World Series Math

World Series Math

The world series has gone to a 7th game! What are the odds of this happening? Well that depends on how good of a chance each team has of winning each game. There are a couple different approaches we can take - one simple and one a little more complicated.

We can make the simplifying assumption that each game is independent and that the probability of each team winning a game is static. Or we could make it more complicated by updating the probability that a team wins the next game if they've won the previous game. In other words, given the fact that a team wins a game, they will be more likley to win the next. This will involve bayesian updating.

Part 1 - Strength of Teams Fixed

First let's start with the simple approach. Let g, the number of games a series will go, be a discrete random variable that can take on values of 4, 5, 6 or 7. Let $\theta$ be the probability that team A wins. Then,

$$P(g=4 \vert \theta = p) = p^4 + (1-p)^4$$
$$P(g=5 \vert \theta = p) = {4\choose1}*p^4*(1-p) + {4\choose1}*(1-p)^4*p$$
$$P(g=6 \vert \theta = p) = {5\choose2}*p^4*(1-p)^2 + {5\choose2}*(1-p)^4*p^2$$
$$P(g=7 \vert \theta = p) = {6\choose3}*p^3*(1-p)^3$$

There are a bunch of equivelent ways of writing those probabilities. I wrote them here in a way that seemed most elegent, not necessarily the way that is easiest to understand.

Let's do it in Python!

In [1]:
from scipy.misc import comb

def pmf_games(p):
    p_4 = p**4 + (1-p)**4
    p_5 = comb(4,1) * (p**4 * (1-p) + (1-p)**4 * p)
    p_6 = comb(5,2) * (p**4 * (1-p)**2 + (1-p)**4 * p**2)
    p_7 = comb(6,3) * (p**3 * (1-p)**3)
    return (p_4,p_5,p_6,p_7)
In [2]:
pmf_games(.5)
Out[2]:
(0.125, 0.25, 0.3125, 0.3125)

Ok, given the teams are equally likley to win any game, the probability that the series goes to 7 games is .3125. Before we plot, let's do a quick sanity check:

In [3]:
import numpy as np
np.allclose([sum(pmf_games(theta)) for theta in np.linspace(0,1,100)],[1]*100)
Out[3]:
True

Phew, now let's plot!

In [4]:
import matplotlib.pyplot as plt
%matplotlib inline

plt.figure(figsize=(12,7))
plt.plot(np.linspace(0,1,1000),[pmf_games(x)[0] for x in np.linspace(0,1,1000)],label='4 games');
plt.plot(np.linspace(0,1,1000),[pmf_games(x)[1] for x in np.linspace(0,1,1000)],label='5 games');
plt.plot(np.linspace(0,1,1000),[pmf_games(x)[2] for x in np.linspace(0,1,1000)],label='6 games');
plt.plot(np.linspace(0,1,1000),[pmf_games(x)[3] for x in np.linspace(0,1,1000)],label='7 games');
plt.legend(loc=2);
plt.xlim(0,1);
plt.xlabel('Theta (Strength of Team A)',fontsize=20)
plt.ylabel('Probability',fontsize=20)
plt.title('Probability of Series being different lengths as function of chance one team has of winning each game');

Cool looking plot!

Part 2 - Strength of Teams Updating

Now let's do away with the simplifying assumption and say that the probaility of a team winning the next game increases if they win their last one.

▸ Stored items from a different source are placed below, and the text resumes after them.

Lemma param_state_kernel :
  exists v : 'cV_N.+1, [/\ X T *m v = 0, (e 0 *m v) 0 0 = 1 &
    forall q, (q < T)%N -> active q -> (ct q *m X q *m v) 0 0 != 0].
Proof.
pose L := e 0 :: [seq ct q *m X q | q <- iota 0 T & active q].
have [v Xv vL] : exists2 v : 'cV_N.+1,
    X T *m v = 0 & forall l, l \in L -> (l *m v) 0 0 != 0.
  apply: kernel_avoid_hyperplanes => l; rewrite inE => /predU1P[->|/mapP[q]].
    apply: kernel_functional_inputs.
      have e0_pid : e 0 *m pid_mx 1 = e 0 by rewrite erow_pid.
      by rewrite -e0_pid -mulmxA pid_active_inputs ?mulmx0.
    by apply/eqP => /rowP/(_ 0)/eqP; rewrite !mxE eqxx oner_eq0.
  rewrite mem_filter mem_iota /= => /andP[act lt_qT] ->.
  have [lt_qs|le_sq] := ltnP q s; last exact: kernel_functional_g.
  apply: kernel_functional_inputs => //.
  by rewrite -(param_state_pid (leqnn q)) -!mulmxA pid_active_inputs ?mulmx0 // ltnW.
have a_neq0 : (e 0 *m v) 0 0 != 0 by apply: vL; rewrite mem_head.
have scaleE k (M : 'M[R]_1) : (k *: M) 0 0 = k * M 0 0 by rewrite mxE.
exists (((e 0 *m v) 0 0)^-1 *: v); split=> [||q lt_qT act].
- by rewrite -scalemxAr Xv scaler0.
- by rewrite -scalemxAr scaleE mulVf.
rewrite -scalemxAr scaleE mulf_neq0 ?invr_eq0 // vL // inE; apply/predU1P; right.
by apply/mapP; exists q; rewrite // mem_filter act mem_iota.
Qed.

End Window.

Lemma nullify_nonzero_state : x != 0 ->
  exists d, trans_mx (closed_loop S b c d) t0 N *m x = 0.
Proof.
move=> x_neq0; have [s le_sN rank_eq] := param_state_plateau x_neq0.
have [v [Xv v0 out_neq0]] := param_state_kernel le_sN rank_eq.
have [d dX] := closed_loop_param_state v0 out_neq0.
by exists d; rewrite -(subnKC le_sN) trans_mxD -mulmxA dX // Xv mulmx0.
Qed.

End ParametrizedState.

Lemma nullify_state t (x : 'cV[R]_n) :
  exists d, trans_mx (closed_loop S b c d) t (n * n) *m x = 0.
Proof.
have [->|x_neq0] := eqVneq x 0; first by exists (fun=> 0); rewrite mulmx0.
exact: nullify_nonzero_state.
Qed.

End NullifyState.

Definition splice (T : Type) (t : int) (d1 d2 : int -> T) (k : int) : T :=
  if k < t then d1 k else d2 k.

Section Gluing.
Variables (R : realType) (n N : nat).
Variables (S : int -> 'M[R]_n) (b : int -> 'cV[R]_n) (c : int -> 'rV[R]_n).
Hypothesis nullify :
  forall t (x : 'cV[R]_n), exists d, trans_mx (closed_loop S b c d) t N *m x = 0.

Local Notation CL d := (closed_loop S b c d).

Lemma trans_mx_splice d1 d2 t p m :
  trans_mx (CL (splice (t + p%:Z) d1 d2)) t (p + m) =
  trans_mx (CL d2) (t + p%:Z) m *m trans_mx (CL d1) t p.
Proof.
rewrite trans_mxD; congr (_ *m _); apply: eq_trans_mx => q ltq.
  rewrite /closed_loop /splice.
  by have -> : (t + p%:Z + q%:Z < t + p%:Z) = false by lia.
by rewrite /closed_loop /splice; have -> : (t + q%:Z < t + p%:Z) = true by lia.
Qed.

Lemma nullify_block t m (P : 'M[R]_(n, m)) :
  exists d, trans_mx (CL d) t (m * N) *m P = 0.
Proof.
elim: m t P => [|m IH] t P; first by exists (fun=> 0); apply: thinmx0.
have [d1 d1P] := nullify t (lsubmx (P : 'M_(n, 1 + m))).
have [d2 d2P] := IH (t + N%:Z) (trans_mx (CL d1) t N *m rsubmx (P : 'M_(n, 1 + m))).
exists (splice (t + N%:Z) d1 d2).
rewrite mulSn trans_mx_splice -[P](@hsubmxK _ n 1 m) (@mul_mx_row _ n n 1 m).
by rewrite -!mulmxA d1P mulmx0 d2P row_mx0.
Qed.

Local Notation L := (n * N)%N.

Lemma nullify_uniform : (0 < L)%N ->
  exists d, forall k, trans_mx (CL d) k (L + L) = 0.
Proof.
move=> L_gt0; set Lz := L%:Z.
have Lz_neq0 : Lz != 0 by rewrite /Lz; lia.
have block beta : exists d, trans_mx (CL d) (beta * Lz) L = 0.
  by have [d dP] := nullify_block (beta * Lz) 1%:M; exists d; rewrite mulmx1 in dP.
case: (choice block) => D DP; exists (fun k => D (k %/ Lz)%Z k) => k.
set beta := ((k %/ Lz)%Z + 1); set B := beta * Lz.
have k_eq := divz_eq k Lz; have mod_ge0 := modz_ge0 k Lz_neq0.
have mod_lt := ltz_mod k Lz_neq0.
have B_eq : B = (k %/ Lz)%Z * Lz + Lz by rewrite /B /beta mulrDl mul1r.
have dist : (`|B - k|%N)%:Z = B - k by rewrite gez0_abs //; lia.
apply: (@trans_mx_eq0 _ _ _ k `|B - k|%N L); last by lia.
rewrite dist addrC subrK -(DP beta); apply: eq_trans_mx => q ltqL.
rewrite /closed_loop /B divzMDl // divz_small ?addr0 //; lia.
Qed.

End Gluing.

Theorem theorem1 (R : realType) (n : nat) (A : int -> 'M[R]_n)
  (b : int -> 'cV[R]_n) (c : int -> 'rV[R]_n) :
  (0 < n)%N ->
  completely_controllable A b ->
  completely_observable A b c ->
  (forall k : int, (c k *m \adj (A k) *m b k) 0 0 != 0) ->
  uniformly_nullifiable_output_feedback A b c.
Proof.
move=> n_gt0 ctrbA obsA adj_neq0; set F := singular_gain A b c.
have obsS : zero_input_observable (closed_loop A b c F) c.
  exact/observable_closed_loop/completely_observable_zero_input/obsA.
have ctrbS : completely_controllable (closed_loop A b c F) b.
  exact: controllable_closed_loop.
have c_adj_b j : (c j *m (\adj (A j) *m b j)) 0 0 != 0 by rewrite mulmxA.
have nullify := nullify_state (singular_gain_adj adj_neq0) c_adj_b
  (b_notin_range_singular_gain adj_neq0) obsS ctrbS.
have [|d dP] := nullify_uniform nullify; first by rewrite !muln_gt0 n_gt0.
exists (fun k => F k + d k), (n * (n * n) + n * (n * n))%N => k xi.
by rewrite cl_trajE -closed_loopD dP mul0mx.
Qed.
Lemma two_solution_mod (V : finType) (n : nat) (f : 'I_n -> {set V}) (p : nat)
    (col : V -> bool) :
  two_solution f p col -> forall i, reds col (f i) = blues col (f i) %[mod p].
Proof.
move=> [_ [edges_bal _]] i; case: (eqVneq (f i) set0) => [-> | fi_ne0].
  by rewrite /reds /blues !(eq_card0 (A := [set _ in set0 | _])) // => x; rewrite !inE.
by apply: edges_bal; split=> //; exists i.
Qed.

(* The arithmetic heart of the argument: if the vertices of an edge with R
   red and B blue vertices carry multiplicities c (red) and 2 - c (blue), and
   these reproduce p times the weighted count (p+1)R + (p-1)B, then R = B,
   because (c - 1) p = 1 is impossible for p > 1. *)
Lemma balanced_count (p R B : nat) (c : int) : 1 < p ->
  ((c * R%:Z + (2 - c) * B%:Z) * p%:Z = (p.+1 * R + p.-1 * B)%N%:Z)%R -> R = B.
Proof.
move=> p_gt1 eq_count.
have cast_rhs : ((p.+1 * R + p.-1 * B)%N%:Z = (p%:Z + 1) * R%:Z + (p%:Z - 1) * B%:Z)%R.
  by rewrite -(prednK (ltnW p_gt1)) !PoszD !PoszM /=; ring.
have : (((c - 1) * p%:Z - 1) * (R%:Z - B%:Z) =
        (c * R%:Z + (2 - c) * B%:Z) * p%:Z - (p.+1 * R + p.-1 * B)%N%:Z)%R.
  by rewrite cast_rhs; ring.
rewrite eq_count subrr => /eqP; rewrite mulf_eq0 => /orP[/eqP cp1 | ].
- by exfalso; case: (lerP c 1) => c1; nia.
- by rewrite subr_eq0 eqz_nat => /eqP.
Qed.

Section BalancedPoint.
Variables (V : finType) (n : nat) (f : 'I_n -> {set V}) (col : V -> bool) (p : nat).
Local Notation W := (colour_weight col p).

(* The exponent (a, t) with a = \sum_v lambda_v a_v and t = \sum_v lambda_v,
   where lambda_v = (p+1)/p on red and (p-1)/p on blue vertices. *)
Definition balanced_point : expo n :=
  ([tuple W (f i) %/ p | i < n], W [set: V] %/ p).

Lemma balanced_point_ehrhart :
  (forall i, p %| W (f i)) -> p %| W [set: V] -> ehrhart_mon (avec f) balanced_point.
Proof.
move=> W_dvd WT_dvd; exists (vertex_weight col p); split.
  by move=> v; rewrite /vertex_weight; case: (col v); rewrite divr_ge0 ?ler0n.
split=> [|i].
  rewrite /= natf_div // -sum_vertex_weight; by apply: eq_bigl => v; rewrite inE.
by rewrite /= tnth_mktuple natf_div // -sum_vertex_weight avec_coord.
Qed.

Hypothesis p_gt0 : 0 < p.
Hypothesis W_dvd : forall i, p %| W (f i).
Hypothesis col_proper : forall v w, skel_adj f v w -> col v != col w.

Variable m : V -> nat.
Hypothesis m_coord : forall i, tnth balanced_point.1 i = \sum_(x in f i) m x.

Lemma mult_edge i : (\sum_(x in f i) m x) * p = W (f i).
Proof. by rewrite -m_coord tnth_mktuple divnK. Qed.

(* Across a 2-element edge {v, w} the weight is (p+1) + (p-1) = 2p, so the
   multiplicities of v and w add up to 2. *)
Lemma mult_adj v w : skel_adj f v w -> m v + m w = 2.
Proof.
move=> adj_vw; have vw_col := col_proper adj_vw.
case: adj_vw => v_ne_w [_ [i fi]]; have := mult_edge i.
rewrite fi colour_weight_sum !big_setU1 ?big_set1 ?inE //=.
have -> : (if col v then p.+1 else p.-1) + (if col w then p.+1 else p.-1) = 2 * p.
  by move: vw_col; case: (col v); case: (col w) => //= _; lia.
by move/eqP; rewrite eqn_pmul2r // => /eqP.
Qed.

Definition red_mult (x : V) : int :=
  (if col x then (m x)%:Z else 2 - (m x)%:Z)%R.

Lemma red_mult_adj v w : skel_adj f v w -> red_mult v = red_mult w.
Proof.
move=> adj_vw; have := mult_adj adj_vw; move: (col_proper adj_vw).
by rewrite /red_mult; case: (col v); case: (col w) => //= _; lia.
Qed.

Lemma mult_by_colour (v0 : V) : skel_connected f ->
  forall x, ((m x)%:Z = if col x then red_mult v0 else 2 - red_mult v0)%R.
Proof.
move=> conn x; rewrite (skel_reach_const red_mult_adj (conn v0 x)) /red_mult.
by case: (col x) => //; rewrite opprB addrC subrK.
Qed.

Lemma mult_edge_count (v0 : V) i : skel_connected f ->
  ((red_mult v0 * (reds col (f i))%:Z + (2 - red_mult v0) * (blues col (f i))%:Z)
     * p%:Z = (W (f i))%:Z)%R.
Proof.
move=> conn; rewrite -mult_edge PoszM; congr (_ * _)%R.
rewrite (big_morph Posz PoszD (erefl (Posz 0))).
rewrite (eq_bigr _ (fun x _ => mult_by_colour v0 conn x)) sum_by_colour.
by rewrite -[(_ *+ reds _ _)%R]mulr_natr -[(_ *+ blues _ _)%R]mulr_natr !natz.
Qed.

End BalancedPoint.

Theorem theorem4p6 (k : fieldType) (V : finType) (n : nat) (f : 'I_n -> {set V})
  (p : nat) (col : V -> bool) :
  separated f ->
  skel_connected f ->
  prime p ->
  two_solution f p col ->
  (exists E, simple_edge f E /\ reds col E <> blues col E) ->
  ~ (forall F : expo n -> k, A_H f F <-> k_H f F).
Proof.
move=> _ conn p_prime sol [E [[[E_ne0 [i0 fi0]] _] unbalanced] A_eq_k].
have p_gt1 := prime_gt1 p_prime; have p_gt0 := ltnW p_gt1.
have W_dvd i : p %| colour_weight col p (f i).
  by apply: colour_weight_dvd => //; exact: two_solution_mod.
have WT_dvd : p %| colour_weight col p [set: V].
  exact: colour_weight_dvd p_gt0 sol.2.2.
have in_kH : polytopal_mon (avec f) (balanced_point f col p).
  apply/(mon_span_single k)/A_eq_k/mon_span_single.
  exact: balanced_point_ehrhart.
have [m m_coord] := polytopal_mon_vertices in_kH.
case/set0Pn: E_ne0 => v0 _.
apply: unbalanced; apply: (balanced_count (c := red_mult col m v0) p_gt1).
by rewrite -fi0 (mult_edge_count p_gt0 W_dvd sol.1 m_coord v0 i0 conn).
Qed.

We come in with some prior belief of how good the teams are, then we update the belief as we see more data. In other words, we take into account the possibility of momentum in the series.

Instead of being static, now we will take $\theta$ to be a random variable with a Beta distribution described by some choice for the hyperparameters $\alpha$ and $\beta$. We could be silly and let $\alpha = \beta = 1$ meaning that we have no idea what $\theta$ is just "let the data decide". For fun, let's calculate the chances of the series being different lengths for a range of choices of hyperparameters. Maybe we can make some more interesting looking plots.

In makes intuitive sense that any amount of 'momentum' would make the series be shorter given the same expectation of $\theta$. The less informative the prior, the more momentum there should be, and the shorter the chance of a long series.

Let's see if the numbers bear this out. Remember $\theta$ is the belief we have in team A. And it is a Beta-distributed random variable with some prior choice of $\alpha$ and $\beta$. Let's start with the probability the series is a sweep:

$$P(g=4 \vert \alpha,\beta) = (\frac{\alpha}{\alpha+\beta}) (\frac{\alpha+1}{\alpha+\beta+1}) (\frac{\alpha+2}{\alpha+\beta+2}) (\frac{\alpha+3}{\alpha+\beta+3}) + (\frac{\beta}{\alpha+\beta}) (\frac{\beta+1}{\alpha+\beta+1}) (\frac{\beta+2}{\alpha+\beta+2}) (\frac{\beta+3}{\alpha+\beta+3})$$

Ok, that was not that bad. The next one, however, will not be as easy to write out. The problem results from the lack of exchangability between the different sequences of possible results. With a static estimate of $\theta$, the probability of this sequence of winners - ABAAA - is the same as this sequence of winners - AABAA. However, when we update our estimate of $\theta$ after each result, the first sequence is actually more probable than the second.

We actually need to calculate all of there sequences explicitly. I won't write it out but I will do the calculation.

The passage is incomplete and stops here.